Our brains are packed with bundles of microscopic “wires” that let distant regions talk to each other. These white matter pathways change from childhood through old age, and are often altered in conditions like dementia and schizophrenia. This study set out to build something like growth charts for these brain highways, so that doctors and researchers can see when an individual brain’s wiring looks typical for their age — and when it does not.

Figure 1. Many brain scans combine to form lifespan charts of how brain wiring changes from childhood to old age.
Figure 1. Many brain scans combine to form lifespan charts of how brain wiring changes from childhood to old age.

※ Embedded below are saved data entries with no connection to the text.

Lemma int_snd_mull (c : X -> R) F : bounded_measurable F ->
  int_snd (fun z => c z.1 * F z) = fun x => c x * int_snd F x.
Proof.
move=> bF; apply/funext => x; rewrite /int_snd /=; apply: RintegralZl => //.
exact/bounded_measurable_integrable/bounded_measurable_section.
Qed.

Lemma int_snd_mulr (c : X -> R) F : bounded_measurable F ->
  int_snd (fun z => F z * c z.1) = fun x => int_snd F x * c x.
Proof.
move=> bF; under eq_fun do rewrite mulrC.
by rewrite int_snd_mull //; apply/funext => x; rewrite mulrC.
Qed.

Lemma int_sndD F G : bounded_measurable F -> bounded_measurable G ->
  int_snd (fun z => F z + G z) = fun x => int_snd F x + int_snd G x.
Proof.
move=> bF bG; apply/funext => x.
apply: (RintegralD (f1 := fun y => F (x, y)) (f2 := fun y => G (x, y))) => //;
  exact/bounded_measurable_integrable/bounded_measurable_section.
Qed.

Lemma int_snd_ge0 F : (forall z, 0 <= F z) -> forall x, 0 <= int_snd F x.
Proof. by move=> F0 x; apply: Rintegral_ge0. Qed.

(* Tonelli only gives measurability of partial integrals of nonnegative
   functions, so [F] is first shifted by its bound. *)
Lemma measurable_int_snd F : bounded_measurable F -> measurable_fun setT (int_snd F).
Proof.
move=> bF; have [mF [M FM]] := bF.
have FM0 z : (0 <= (F z + M)%:E)%E.
  by rewrite lee_fin; have := FM z; rewrite ler_norml; lra.
have -> : int_snd F = int_snd (fun z => F z + M) \- cst M.
  rewrite int_sndD //; last exact: bounded_measurable_cst.
  by rewrite (int_snd_fst (fun _ => M)); apply/funext => x /=; rewrite addrK.
have mFM : measurable_fun setT (EFin \o (fun z => F z + M)).
  by apply/measurable_EFinP; apply: measurable_funD.
apply: measurable_funB => //.
exact: measurableT_comp (fine_measurable measurableT)
  (measurable_fun_fubini_tonelli_F (m2 := P) _ mFM FM0).
Qed.

Lemma bounded_measurable_int_snd F :
  bounded_measurable F -> bounded_measurable (int_snd F).
Proof.
move=> bF; split; first exact: measurable_int_snd.
have [mF [M FM]] := bF; exists M => x.
by apply: normr_Rintegral_le => //; exact: measurable_fun_pair2.
Qed.

End partial_integral.

Section response.
Context {R : realType} {d1 d2 : measure_display}.
Context {X : measurableType d1} {Y : measurableType d2}.
Context {p : bool -> X -> Y -> R}.
Hypothesis hp : response p.

Lemma response_spin_bounds x y : -1 <= p false x y - p true x y <= 1.
Proof.
have [p0 [p1 _]] := hp; have := p0 false x y; have := p0 true x y.
by have := p1 x y; lra.
Qed.

Lemma bounded_measurable_response {d} {T : measurableType d} o (s : T -> X) (t : T -> Y) :
  measurable_fun setT s -> measurable_fun setT t ->
  bounded_measurable (fun w => p o (s w) (t w)).
Proof.
have [p0 [p1 mp]] := hp; move=> ms mt.
apply: (bounded_measurable_comp (fun z : X * Y => p o z.1 z.2) (fun w => (s w, t w))).
  split; first exact: mp.
  exists 1 => z; rewrite ger0_norm //; have := p0 (~~ o) z.1 z.2; have := p1 z.1 z.2.
  by case: o => /=; lra.
exact: measurable_fun_pair.
Qed.

End response.

Definition spin {R : zmodType} {T : Type} (q : bool -> T -> R) (t : T) : R :=
  q false t - q true t.

Definition correlator {R : zmodType} (P : bool -> bool -> bool -> R) (c : bool) : R :=
  (P false false c + P true true c) - (P false true c + P true false c).

Lemma correlation_polynomial_ge0 {R : realFieldType} {u x v y : R} :
  -1 <= u <= 1 -> -1 <= x <= 1 -> -1 <= v <= 1 -> -1 <= y <= 1 ->
  0 <= 2 + x * y - u * v - u * y - x * v.
Proof.
move=> /andP[u1 u2] /andP[x1 x2] /andP[v1 v2] /andP[y1 y2].
(* interpolation between the values at u = 1 and at u = -1 *)
have -> : 2 + x * y - u * v - u * y - x * v =
  ((1 + u) * ((1 - v) * (1 + x) + (1 - x) * (1 - y)) +
   (1 - u) * ((1 + v) * (1 - x) + (1 + x) * (1 + y))) / 2 by field.
apply: divr_ge0 => //; apply: addr_ge0; apply: mulr_ge0; try lra.
all: by apply: addr_ge0; apply: mulr_ge0; lra.
Qed.

Ltac solve_measurable_projection :=
  repeat first [done | apply: measurable_fun_pair | apply: measurableT_comp].

Ltac solve_bounded_measurable :=
  match goal with
  | |- bounded_measurable _ =>
      repeat first [ assumption | apply: bounded_measurable_cst
                   | apply: bounded_measurableB | apply: bounded_measurableD
                   | apply: bounded_measurableM
                   | match goal with H : forall o, bounded_measurable _ |- _ => apply: H end
                   | apply: bounded_measurable_int_snd ]
  end.

Section expectation.
Context {R : realType} {dA dB dG : measure_display}.
Context {A : measurableType dA} {B : measurableType dB} {G : measurableType dG}.
Variables (PA : probability A R) (PB : probability B R) (PG : probability G R).

(* A sample is [w = ((((alpha, beta), gamma), alphahat), betahat)]. *)
Local Notation Omega := ((((A * B) * G) * A) * B)%type.
Implicit Types F H : Omega -> R.

Definition expect F : R :=
  Rintegral PA setT (int_snd PB (int_snd PG (int_snd PA (int_snd PB F)))).
(* Let $0<\alpha\le\delta<\infty$, $0<\gamma<\tfrac13$, and let $H_{\gamma/\delta}$ be the Banach space of real sequences $x=(x_k)_{k\ge0}$ with $\|x\|=\sum_{k\ge0}(\gamma/\delta)^k|x_k|<\infty$. Let $\mathcal R^a_1(a)_k=\frac{1}{k+1}\sum_{n=0}^ka_na_{k-n}$. If $a_0\in X_{\alpha,\delta}$ and $a(t)$ denotes the solution of the initial value problem $\frac{d}{dt}a(t)=\mathcal R^a_1(a(t))-a(t)$, $a(0)=a_0$, in $H_{\gamma/\delta}$, then $a(t)\in X_{\alpha,\delta}$ for all $t\ge0$ and $\lim_{t\to\infty}\|a(t)-\bar\alpha\|=0$, where $\bar\alpha=(1,\alpha,\alpha^2,\alpha^3,\dots)$.
   Context: $X_{\alpha,\delta}$ is the set of real sequences $a=(a_k)_{k\ge0}$ with $a_0=1$, $a_1=\alpha$, $0\le a_k\le\delta^k$ for $k\ge2$; it is a subset of $H_{\gamma/\delta}$, and the metric on it is $d(a,b)=\|a-b\|$. *)

From Stdlib Require Import Reals Lra.
From Coquelicot Require Import Coquelicot.
Open Scope R_scope.

Definition seqR := nat -> R.

Definition inH (w : R) (x : seqR) : Prop :=
  ex_series (fun k => w ^ k * Rabs (x k)).

Definition normH (w : R) (x : seqR) : R :=
  Series (fun k => w ^ k * Rabs (x k)).

Definition seq_sub (x y : seqR) : seqR := fun k => x k - y k.
Definition seq_scal (c : R) (x : seqR) : seqR := fun k => c * x k.

Definition Ra1 (a : seqR) : seqR :=
  fun k => / INR (S k) * sum_f_R0 (fun n => a n * a (k - n)%nat) k.

Definition ode_field (a : seqR) : seqR := seq_sub (Ra1 a) a.

Definition X_set (alpha delta : R) (a : seqR) : Prop :=
  a 0%nat = 1 /\ a 1%nat = alpha /\
  forall k : nat, (2 <= k)%nat -> 0 <= a k <= delta ^ k.

Definition alpha_bar (alpha : R) : seqR := fun k => alpha ^ k.

Definition is_H_solution (w : R) (F : seqR -> seqR) (u0 : seqR) (u : R -> seqR) : Prop :=
  u 0 = u0 /\
  (forall t, 0 <= t -> inH w (u t)) /\
  (forall t, 0 <= t ->
     forall eps, 0 < eps -> exists d, 0 < d /\
       forall h, h <> 0 -> Rabs h < d -> 0 <= t + h ->
         let q := seq_sub (seq_scal (/ h) (seq_sub (u (t + h)) (u t))) (F (u t)) in
         inH w q /\ normH w q < eps).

Building brain charts from a world of scans

To make these charts, the researchers pooled diffusion MRI scans from 19 international projects, covering more than 54,000 people between 4 and 91 years old. Diffusion MRI tracks how water moves through brain tissue, which reveals how tightly packed and well insulated white matter fibers are. Using a common analysis and quality control pipeline, the team measured several standard indicators of white matter structure in 21 key regions and across the brain’s overall white matter.

From raw data to age based reference ranges

Different hospitals and research centers use different scanners and settings, which can shift the measurements. Instead of throwing away that diversity, the team used a statistical framework called hierarchical Bayesian regression to account for these site and scanner differences while modeling how white matter changes with age and sex. This allowed them to extract smooth lifespan curves and centile bands, much like height and weight charts used in pediatrics, describing how each white matter measure typically rises, peaks, and falls across life.

Figure 2. Lifespan brain wiring charts help highlight which white matter pathways look unusually altered in a single person.
Figure 2. Lifespan brain wiring charts help highlight which white matter pathways look unusually altered in a single person.

How brain wiring ages and what that reveals

The resulting charts showed a consistent picture. A measure that reflects how directionally water moves along fibers tended to increase through childhood and early adulthood, peaking around the late 20s to 30s before declining in later life. Measures linked to how freely water diffuses tended to show the opposite pattern, declining through youth and then increasing again in mid to late adulthood. The timing of these peaks and troughs varied by region and metric, suggesting that some pathways mature earlier and are more stable, while others take longer to develop and may be more vulnerable to age related decline.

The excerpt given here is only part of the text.